We will user a learning rate of 0.1.
lr = 0.1;
[a,e,w,b] = adaptwh(w,b,P,T,lr);
ADAPTWH Adapt linear layer with Widrow-Hoff rule.
[A,E,W,B] = ADAPTWH(W,B,P,T,lr)
W - SxR weight matrix.
B - Sx1 bias vector.
P - RxQ matrix of input vectors.
T - SxQ matrix of target vectors.
lr - Learning rate (optional, default = 0.1).
Returns:
A - output of adaptive linear filter.
E - error of adaptive linear filter.
W - new weight matrix
B - new weights & biases.
PLOTTING THE OUTPUT SIGNAL
Here the output signal of the linear neuron is plotted with the target signal.
plot(time,a,time,T,'--')
alabel('Time','Output ___ Target _ _','Output and Target Signals')
It does not take the adaptive neuron long to figure out how to generate the target signal.
A plot of the difference between the neurons output signal and the target signal shows how well the
adaptive neuron works.
plot(time,e,[min(time) max(time)],[0 0],':r')
alabel('Time','Error','Error Signal')
3. Backpropagation networks
3.1. Pattern association with a linear neuron
INITFF - Initializes a feed-forware network.
TRAINBP - Trains a feed-forward network with backpropagation.
SIMUFF - Simulates a feed-forward network.
Using the above functions a neuron is trained to respond to specific inputs with target outputs.
DEFINING A VECTOR ASSOCATION PROBLEM
P defines two 1-element input vectors (column vectors):
P = [-3.0 +2.0];
T defines the associated 1-element targets (column vectors):
T = [+0.4 +0.8];
PLOTTING THE ERROR SURFACE AND CONTOUR
ERRSURF calculates errors for a neuron with a range of possible weight and bias values. PLOTES
plots this error surface with a contour plot underneath.
wv = -4:0.4:4;
bv = -4:0.4:4;
es = errsurf(P,T,wv,bv,'logsig');
plotes(wv,bv,es,[60 30]);
The best weight and bias values are those that result in the lowest point on the error surface.
DESIGN THE NETWORK
INITFF is used to initialize the weights and biases for the LOGSIG neuron.
[w,b] = initff(P,T,'logsig')
TRAINING THE NETWORK
TBP1 uses backpropagation to train 1-layer networks.
df = 5; Frequency of progress displays (in epochs).

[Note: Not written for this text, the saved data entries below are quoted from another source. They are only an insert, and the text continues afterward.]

Theorem lemma2 (p : position) :
  ~ S p ->
  (exists i j : 'I_7, i != j /\ p i = 0 /\ p j = 0) ->
  exists p' : position, move p p' /\ (S1 p' \/ S2 p' \/ S4 p').
Proof.
move=> notS [i [j [neq_ij [pi0 pj0]]]].
have [/existsP[k /andP[/eqP h0 /eqP h1]]|gap1] := boolP (zero_gap p 1).
  exact: reaches_gap1 notS h0 h1.
have [/existsP[k /andP[/eqP h0 /eqP h2]]|gap2] := boolP (zero_gap p 2).
  exact: reaches_gap2 notS gap1 h0 h2.
have /existsP[k /andP[/eqP h0 /eqP h3]] : zero_gap p 3.
  by move: (zero_gap_le3 neq_ij pi0 pj0); rewrite (negbTE gap1) (negbTE gap2).
exact: reaches_gap3 gap1 gap2 h0 h3.
Qed.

me = 100; Maximum number of epochs to train.
eg = 0.01; Sum-squared error goal.
lr = 2; Learning rate.
[w,b,ep,tr] = tbp1(w,b,'logsig',P,T,[df me eg lr],wv,bv,es,[60 30]);
TRAINBP has returned new weight and bias values, the number of epochs trained EP, and a record of
training errors TR.
PLOTTING THE ERROR CURVE
Here the errors are plotted with respect to training epochs:
ploterr(tr,eg);
INITFF Inititialize feed-forward network up to 3 layers.
[W1,B1,...] = INITFF(P,S1,'F1',...,Sn,'Fn')

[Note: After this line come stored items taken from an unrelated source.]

Lemma mxtrace_CPhi f g j i : f \in O -> g \in O ->
  \tr (g *m CPhi bI Phi j i *m mxadj f) = Phis (mxadj f *m g) j i.
Proof.
move=> fO gO; have fgO : mxadj f *m g \in O by rewrite blockalgM ?blockalg_adj.
case: Phi_adj => Phis_in Phis_tr; rewrite /CPhi; case: eqP => [bji|/eqP bji] /=.
  rewrite mxtrace_mulC mulmxA.
  have := Phis_tr _ _ (blockalg_delta C (esym bji)) (blockalg_adj fgO).
  rewrite mxadjK => <-.
  by rewrite Phis_adj // mxadjK mxtrace_mul_delta.
by move/blockalgP: (Phis_in _ fgO) => ->; rewrite // mulmx0 mul0mx mxtrace0.
Qed.

Lemma sip_W f g : M f -> M g -> sip (W f) (W g) = (mxadj (Kvec f) *m Kvec g) 0 0.
Proof.
move=> fM gM; rewrite /sip ip_W // /Mip (raddf_sum (@mxtrace _ _)) /=.
rewrite /Kvec mxadj_sum mulmx_suml summxE; apply: eq_bigr => j _.
rewrite Ws_W // /Mact mulmx_suml (raddf_sum (@mxtrace _ _)) /= mulmx_sumr summxE.
apply: eq_bigr => i _; rewrite mxtrace_CPhi // PhisE ?blockalgM ?blockalg_adj //.
by rewrite piM ?blockalg_adj // pi_adj // mxadjM -adj_col_mulmx_col !mulmxA.
Qed.

Lemma mxtrace_ip_W f g c : M f -> M g -> c \in O ->
  \tr (c *m ip (W f) (W g)) = (mxadj (Kvec f) *m (pi c *m Kvec g)) 0 0.
Proof.
move=> fM gM cO; rewrite -ip_ractr // -W_ract // -Kvec_ract //.
exact: sip_W (inM_ract gM cO).
Qed.

(* [W f] only depends on [Kvec f]: the Gram identity makes [W f - W g] isotropic. *)
Lemma W_Kvec_eq f g : M f -> M g -> Kvec f = Kvec g -> W f = W g.
Proof.
move=> fM gM fg; have dM := inM_lin (-1) gM fM.
have : W (fun i => -1 *: g i + f i) = 0.
  apply: ip_eq0_trace => c cO; rewrite mxtrace_ip_W // Kvec_lin // fg.
  by rewrite scaleN1r addNr mxadj0 mul0mx mxE.
by rewrite W_lin // scaleN1r addrC => /subr0_eq.
Qed.

Lemma Phis_unital : Phis 1%:M = 1%:M.
Proof.
case: Phi_channel => _ _ Phi_tr _; case: Phi_adj => Phis_in Phis_tr.
have D0 : mxadj (Phis 1%:M) - 1%:M = 0.
  apply: (@blockalg_eq0_trace _ _ bI) => [|c cI].
    by rewrite rpredB ?blockalg_adj ?Phis_in ?blockalg1.
  rewrite mxtrace_mulC mulmxBl mul1mx (raddfB (@mxtrace _ _)) /=.
  by rewrite Phis_tr ?blockalg1 // mxadj1 mul1mx Phi_tr // subrr.
by rewrite -[Phis _]mxadjK (subr0_eq D0) mxadj1.
Qed.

P - Rx2 matrix of input vectors.
Si - Size of ith layer.
Fi - Transfer function of the ith layer (string).
Returns:
Wi - Weight matrix of the ith layer.
Bi - Bias (column) vector of the ith layer.

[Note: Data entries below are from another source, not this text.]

(* Let $G$ be a group with finite generating set $Y$ and let $\mathscr S$ be a retractive family of subsets of $Y$. Then the kernel of $\rho_{\mathscr S}=\prod_{S\in\mathscr S}\rho_S\colon G\to\prod_{S\in\mathscr S}G_S$ is generated by monic commutators whose support is transverse to $\mathscr S$.
   Context: Conventions: $[x,y]=x^{-1}y^{-1}xy$. For $S\subseteq Y$, $G_S$ is the quotient of $G$ by the normal closure of $Y-S$, and $\rho_S\colon G\to G_S$ is the projection. $S$ is retractive if $\rho_S$ restricts to an injection on the subgroup $\langle S\rangle$ ($\emptyset$ is retractive by convention). A retractive family is a family of retractive subsets of $Y$ all of whose intersections are also retractive. The support of $q\in G$ relative to $\mathscr S$ is $\bigcap\{S\in\mathscr S: q\in\langle S\rangle\}$. Monic commutators: for $x\in Y$, $x$ and $x^{-1}$ are monic commutators; if $x,y$ are monic commutators then so is $[x,y]$. A subset $T\subseteq Y$ is transverse to $\mathscr S$ if $T\not\subseteq S$ for every $S\in\mathscr S$. *)

From mathcomp Require Import all_boot.
Set Implicit Arguments. Unset Strict Implicit. Unset Printing Implicit Defensive.

Record group := Group {
  gcar :> Type;
  gmul : gcar -> gcar -> gcar;
  gone : gcar;
  ginv : gcar -> gcar;
  gmulA : forall x y z, gmul x (gmul y z) = gmul (gmul x y) z;
  gmul1 : forall x, gmul gone x = x;
  gmulV : forall x, gmul (ginv x) x = gone
}.

Section Defs.
Variable G : group.
Local Notation "x * y" := (gmul x y).
Local Notation "x ^-1" := (ginv x).

Definition gcomm (x y : G) : G := x^-1 * (y^-1 * (x * y)).

Inductive gen (A : G -> Prop) : G -> Prop :=
| gen_in x : A x -> gen A x
| gen_one : gen A (gone G)
| gen_mul x y : gen A x -> gen A y -> gen A (x * y)
| gen_inv x : gen A x -> gen A (x^-1).

Definition ncl (A : G -> Prop) : G -> Prop :=
  gen (fun x => exists a g, A a /\ x = g^-1 * (a * g)).

(* Generators: Y is the image of an injective map y from a finite index type I;
   subsets of Y are encoded as {set I}. *)
Variables (I : finType) (y : I -> G).

Definition span (S : {set I}) : G -> Prop := gen (fun g => exists2 i, i \in S & g = y i).

(* kernel of rho_S : G -> G_S, i.e. normal closure of Y - S *)
Definition Nker (S : {set I}) : G -> Prop := ncl (fun g => exists2 i, i \notin S & g = y i).

(* rho_S a = rho_S b in G_S = G / Nker S *)
Definition rho_eq (S : {set I}) (a b : G) : Prop := Nker S (a^-1 * b).

Definition retractive (S : {set I}) : Prop :=
  forall a b, span S a -> span S b -> rho_eq S a b -> a = b.

(* all intersections of members of the family (including single members) retractive;
   the empty subfamily gives Y, which is trivially retractive. *)
Definition retractive_family (F : {set {set I}}) : Prop :=
  forall F' : {set {set I}}, F' \subset F -> retractive (\bigcap_(S in F') S).

Definition rho_family_ker (F : {set {set I}}) (g : G) : Prop :=
  forall S, S \in F -> rho_eq S g (gone G).

Inductive monic_commutator : G -> Prop :=
| monic_gen i : monic_commutator (y i)
| monic_geninv i : monic_commutator ((y i)^-1)
| monic_comm a b : monic_commutator a -> monic_commutator b -> monic_commutator (gcomm a b).

Definition supp_rel (F : {set {set I}}) (q : G) (i : I) : Prop :=
  forall S, S \in F -> span S q -> i \in S.

Definition transverse (F : {set {set I}}) (T : I -> Prop) : Prop :=
  forall S, S \in F -> ~ (forall i, T i -> i \in S).

End Defs.

(* A monic commutator lies, for each S, either in <S> or in ker rho_S: the
   generators split this way and the commutator of two such elements is in
   <S> if both are, and otherwise in the normal subgroup ker rho_S.
   Hence, S being retractive, every g in the subgroup generated by monic
   commutators in the kernels of a list L of members factors as g = k b with
   b in <S> and k generated by monic commutators in the kernels of S :: L;
   here it matters that the generated subgroup is normal, since conjugating a
   kernel element c by a monic z gives c [c, z]. If moreover g is in
   ker rho_S then so is b, so b = 1. Running this over all members of the
   family, the kernel of rho_F is generated by monic commutators lying in
   every ker rho_S. A nontrivial such q lies in no <S> (retractivity again),
   so its support is all of Y, which is transverse: a member S = Y would
   have q in <S>. *)
From Stdlib Require Import Classical.
From mathcomp Require Import all_boot.
Set Implicit Arguments. Unset Strict Implicit.

Section GroupTheory.
Variable G : group.
Local Notation "x * y" := (gmul x y).
Local Notation "x ^-1" := (ginv x).
Local Notation one := (gone G).

Lemma mulgV (x : G) : x * x^-1 = one.
Proof.
rewrite -[x * _]gmul1 -{1}(gmulV (x^-1)) -gmulA (gmulA x^-1 x) gmulV gmul1.
by rewrite gmulV.
Qed.

Lemma mulg1 (x : G) : x * one = x.
Proof. by rewrite -(gmulV x) gmulA mulgV gmul1. Qed.

Lemma invgK (x : G) : (x^-1)^-1 = x.
Proof. by rewrite -[LHS]mulg1 -(gmulV x) gmulA gmulV gmul1. Qed.

Lemma mulKVg (x z : G) : x * (x^-1 * z) = z.
Proof. by rewrite gmulA mulgV gmul1. Qed.

Lemma mulgK (x z : G) : (x * z) * z^-1 = x.
Proof. by rewrite -gmulA mulgV mulg1. Qed.

Lemma mulgKV (x z : G) : (x * z^-1) * z = x.
Proof. by rewrite -gmulA gmulV mulg1. Qed.

Lemma mulg_eq1 (a b : G) : a * b = one -> a = b^-1.
Proof. by move=> ab1; rewrite -(mulgK a b) ab1 gmul1. Qed.

Lemma invMg (a b : G) : (a * b)^-1 = b^-1 * a^-1.
Proof. by symmetry; apply: mulg_eq1; rewrite -gmulA (gmulA _ a) gmulV gmul1 gmulV. Qed.

Lemma invg1 : one^-1 = one.
Proof. by symmetry; apply: mulg_eq1; apply: gmul1. Qed.

Definition conjg (m h : G) : G := h^-1 * (m * h).

Lemma conjMg a b h : conjg (a * b) h = conjg a h * conjg b h.
Proof. by rewrite /conjg !gmulA mulgK. Qed.

Lemma conjVg a h : conjg (a^-1) h = (conjg a h)^-1.
Proof. by rewrite /conjg !invMg invgK gmulA. Qed.

Lemma conj1g h : conjg one h = one.
Proof. by rewrite /conjg gmul1 gmulV. Qed.

Lemma conjgM m h1 h2 : conjg m (h1 * h2) = conjg (conjg m h1) h2.
Proof. by rewrite /conjg invMg !gmulA. Qed.

Lemma conjg1 m : conjg m one = m.
Proof. by rewrite /conjg invg1 gmul1 mulg1. Qed.

Lemma conjg_mulR c z : conjg c z = c * gcomm c z.
Proof. by rewrite /gcomm mulKVg. Qed.

Lemma gen_sub (A B : G -> Prop) x : (forall a, A a -> gen B a) -> gen A x -> gen B x.
Proof.
move=> AB; elim=> {x} [x /AB // | | x z _ hx _ hz | x _ hx].
- exact: gen_one.
- exact: gen_mul.
- exact: gen_inv.
Qed.

Lemma gen_conjg_closed (A : G -> Prop) h x :
  (forall a, A a -> gen A (conjg a h)) -> gen A x -> gen A (conjg x h).
Proof.
move=> hA; elim=> {x} [x /hA // | | x z _ hx _ hz | x _ hx].
- by rewrite conj1g; apply: gen_one.
- by rewrite conjMg; apply: gen_mul.
- by rewrite conjVg; apply: gen_inv.
Qed.

Lemma ncl_conjg (A : G -> Prop) x h : ncl A x -> ncl A (conjg x h).
Proof.
apply: gen_conjg_closed => _ [a [g [Aa ->]]]; apply: gen_in; exists a, (g * h).
by split=> //; rewrite -[_ * (_ * _)]/(conjg a g) -conjgM.
Qed.

End GroupTheory.

Section Kernels.
Variables (G : group) (I : finType) (y : I -> G).
Hypothesis y_gen : forall g : G, gen (fun h => exists i, h = y i) g.
Local Notation "x * y" := (gmul x y).
Local Notation "x ^-1" := (ginv x).
Local Notation one := (gone G).
Local Notation monic := (monic_commutator y).

Lemma Nker_gen (i : I) (S : {set I}) : i \notin S -> Nker y S (y i).
Proof.
move=> iS; apply: gen_in; exists (y i), one; split; first by exists i.
by rewrite invg1 gmul1 mulg1.
Qed.

Lemma span_gen (i : I) (S : {set I}) : i \in S -> span y S (y i).
Proof. by move=> iS; apply: gen_in; exists i. Qed.

Lemma monic_span_or_Nker S q : monic q -> span y S q \/ Nker y S q.
Proof.
elim=> [i | i | a b _ [Sa | Na] _ hb].
- by case: (boolP (i \in S)) => iS; [left; apply: span_gen | right; apply: Nker_gen].
- by case: (boolP (i \in S)) => iS;
    [left; apply/gen_inv/span_gen | right; apply/gen_inv/Nker_gen].
- case: hb => [Sb | Nb].
    by left; do 2 (apply: gen_mul; first exact: gen_inv); apply: gen_mul.
  right; have -> : gcomm a b = conjg (b^-1) a * b by rewrite /gcomm /conjg !gmulA.
  by apply: gen_mul => //; apply/ncl_conjg/gen_inv.
- by right; apply: gen_mul; [apply: gen_inv | apply: ncl_conjg].
Qed.

Lemma retractive_span_Nker S b :
  retractive y S -> span y S b -> Nker y S b -> b = one.
Proof.
move=> hS Sb Nb; symmetry; apply: hS => //; first exact: gen_one.
by rewrite /rho_eq invg1 gmul1.
Qed.

Lemma rho_eq1 S g : rho_eq y S g one <-> Nker y S g.
Proof.
rewrite /rho_eq mulg1; split=> [/gen_inv | Ng]; first by rewrite invgK.
exact: gen_inv.
Qed.

Lemma span_all q : span y setT q.
Proof. by apply: gen_sub (y_gen q) => _ [i ->]; apply: span_gen; rewrite inE. Qed.

Definition monic_in_kernels (L : seq {set I}) (q : G) : Prop :=
  monic q /\ forall S, S \in L -> Nker y S q.

Lemma gen_monic_in_kernels_conjg_monic L c z :
  monic z -> monic_in_kernels L c -> gen (monic_in_kernels L) (conjg c z).
Proof.
move=> mz [mc Nc]; rewrite conjg_mulR; apply: gen_mul; first exact: gen_in.
apply: gen_in; split; first exact: monic_comm.
move=> S LS; apply: gen_mul; [exact: gen_inv (Nc S LS) | exact: ncl_conjg (Nc S LS)].
Qed.

Lemma gen_monic_in_kernels_conjg L m h :
  gen (monic_in_kernels L) m -> gen (monic_in_kernels L) (conjg m h).
Proof.
pose closed_by h :=
  forall x, gen (monic_in_kernels L) x -> gen (monic_in_kernels L) (conjg x h).
suff: closed_by h /\ closed_by h^-1 by move=> [+ _]; apply.
move=> {m}.
elim: (y_gen h) => {h} [_ [i ->] | | h1 h2 _ [h1P h1VP] _ [h2P h2VP] | h _ [hP hVP]].
- by split=> m; apply: gen_conjg_closed => c;
    apply: gen_monic_in_kernels_conjg_monic; constructor.
- by rewrite invg1; split=> m; rewrite conjg1.
- by rewrite invMg; split=> m Cm; rewrite conjgM; auto.
- by rewrite invgK.
Qed.

Lemma gen_monic_in_kernels_factor S L g : retractive y S ->
  gen (monic_in_kernels L) g ->
  exists2 b, span y S b & gen (monic_in_kernels (S :: L)) (g * b^-1).
Proof.
move=> hS; elim=> {g} [x [mx Nx] | | x z _ [b1 Sb1 C1] _ [b2 Sb2 C2] | x _ [b Sb Cb]].
- case: (monic_span_or_Nker S mx) => [Sx | NSx].
    by exists x => //; rewrite mulgV; apply: gen_one.
  exists one; first exact: gen_one.
  rewrite invg1 mulg1; apply: gen_in; split=> // S'.
  by rewrite inE => /orP[/eqP -> | /Nx].
- by exists one; [apply: gen_one | rewrite invg1 mulg1; apply: gen_one].
- exists (b1 * b2); first exact: gen_mul.
  have -> : x * z * (b1 * b2)^-1 = (x * b1^-1) * conjg (z * b2^-1) (b1^-1).
    by rewrite /conjg invgK invMg !gmulA mulgKV.
  by apply: gen_mul => //; apply: gen_monic_in_kernels_conjg.
- exists (b^-1); first exact: gen_inv.
  have -> : x^-1 * b^-1^-1 = conjg ((x * b^-1)^-1) b.
    by rewrite /conjg invMg !invgK !gmulA gmulV gmul1.
  by apply/gen_monic_in_kernels_conjg/gen_inv.
Qed.

Lemma Nker_gen_monic_in_kernels L g :
  (forall S, S \in L -> retractive y S) ->
  (forall S, S \in L -> Nker y S g) -> gen (monic_in_kernels L) g.
Proof.
elim: L g => [|S L IH] g hL NLg.
  by apply: gen_sub (y_gen g) => _ [i ->]; apply: gen_in; split=> //; constructor.
have hS := hL S (mem_head _ _).
have [b Sb Cgb] : exists2 b, span y S b & gen (monic_in_kernels (S :: L)) (g * b^-1).
  by apply: gen_monic_in_kernels_factor => //;
     apply: IH => S' LS'; [apply: hL | apply: NLg]; rewrite inE LS' orbT.
have NSgb : Nker y S (g * b^-1).
  by apply: gen_sub Cgb => a [_]; apply; apply: mem_head.
have NSb : Nker y S b.
  have -> : b = (g * b^-1)^-1 * g by rewrite invMg invgK mulgKV.
  by apply: gen_mul; [apply: gen_inv | apply: NLg; apply: mem_head].
by move: Cgb; rewrite (retractive_span_Nker hS Sb NSb) invg1 mulg1.
Qed.

Lemma retractive_family_mem (F : {set {set I}}) (S : {set I}) : retractive_family y F -> S \in F -> retractive y S.
Proof. by move=> hF FS; have := hF [set S]; rewrite big_set1; apply; rewrite sub1set. Qed.

Lemma monic_transverse_Nker (F : {set {set I}}) (S : {set I}) q : S \in F ->
  monic q -> transverse F (supp_rel y F q) -> Nker y S q.
Proof.
move=> FS mq tq; case: (monic_span_or_Nker S mq) => // Sq.
by case: (tq S FS) => i; apply.
Qed.

Lemma monic_Nker_transverse (F : {set {set I}}) q : retractive_family y F -> q <> one ->
  (forall S, S \in F -> Nker y S q) -> transverse F (supp_rel y F q).
Proof.
move=> hF q1 Nq S FS suppS.
have notin_span S' : S' \in F -> ~ span y S' q.
  by move=> FS' S'q; apply: q1; apply: retractive_span_Nker S'q (Nq S' FS');
     apply: retractive_family_mem FS'.
apply: q1; apply: retractive_span_Nker (Nq S FS); first exact: retractive_family_mem FS.
apply: gen_sub (span_all q) => _ [i _ ->]; apply: span_gen.
by apply: suppS => S' FS' /(notin_span S' FS').
Qed.

End Kernels.

Theorem mainTheorem6 (G : group) (I : finType) (y : I -> G)
  (y_inj : injective y)
  (y_gen : forall g : G, gen (fun h => exists i, h = y i) g)
  (F : {set {set I}}) (hF : retractive_family y F) :
  forall g : G,
    rho_family_ker y F g <->
    gen (fun q => monic_commutator y q /\ transverse F (supp_rel y F q)) g.
Proof.
move=> g; split=> [kerg | gen_g S FS].
- have : gen (monic_in_kernels y (enum F)) g.
    apply: Nker_gen_monic_in_kernels => // S; rewrite mem_enum => FS.
      exact: retractive_family_mem FS.
    by apply/rho_eq1/kerg.
  apply: gen_sub => q [mq Nq].
  case: (classic (q = gone G)) => [-> | q1]; first exact: gen_one.
  apply: gen_in; split=> //; apply: monic_Nker_transverse => // S FS.
  by apply: Nq; rewrite mem_enum.
- apply/rho_eq1; apply: gen_sub gen_g => q [mq tq].
  exact: monic_transverse_Nker FS mq tq.
Qed.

TBP1 Train 1-layer feed-forward network w/backpropagation.
[W,B,TE,TR] = TBP1(W,B,F,P,T,TP)
W - SxR weight matrix.
B - Sx1 bias vector.
F - Transfer function (string).
P - RxQ matrix of input vectors.
T - SxQ matrix of target vectors.
TP - Training parameters (optional).
Returns:
W - new weights.
B - new biases.
TE - the actual number of epochs trained.
TR - training record: [row of errors]
Training parameters are:
TP(1) - Epochs between updating display, default = 25.
TP(2) - Maximum number of epochs to train, default = 1000.
TP(3) - Sum-squared error goal, default = 0.02.
TP(4) - Learning rate, 0.01.
Missing parameters and NaN's are replaced with defaults.
USING THE PATTERN ASSOCIATOR
We can now test the associator with one of the original inputs, -3, and see if it returns the target, 0.4.
p = -1.2;
a = simuff(p,w,b,'logsig')
Training to a lower error goal would reduce this error.
Use SIMUP to check the neuron for an input of 2.0. The target response is 0.8.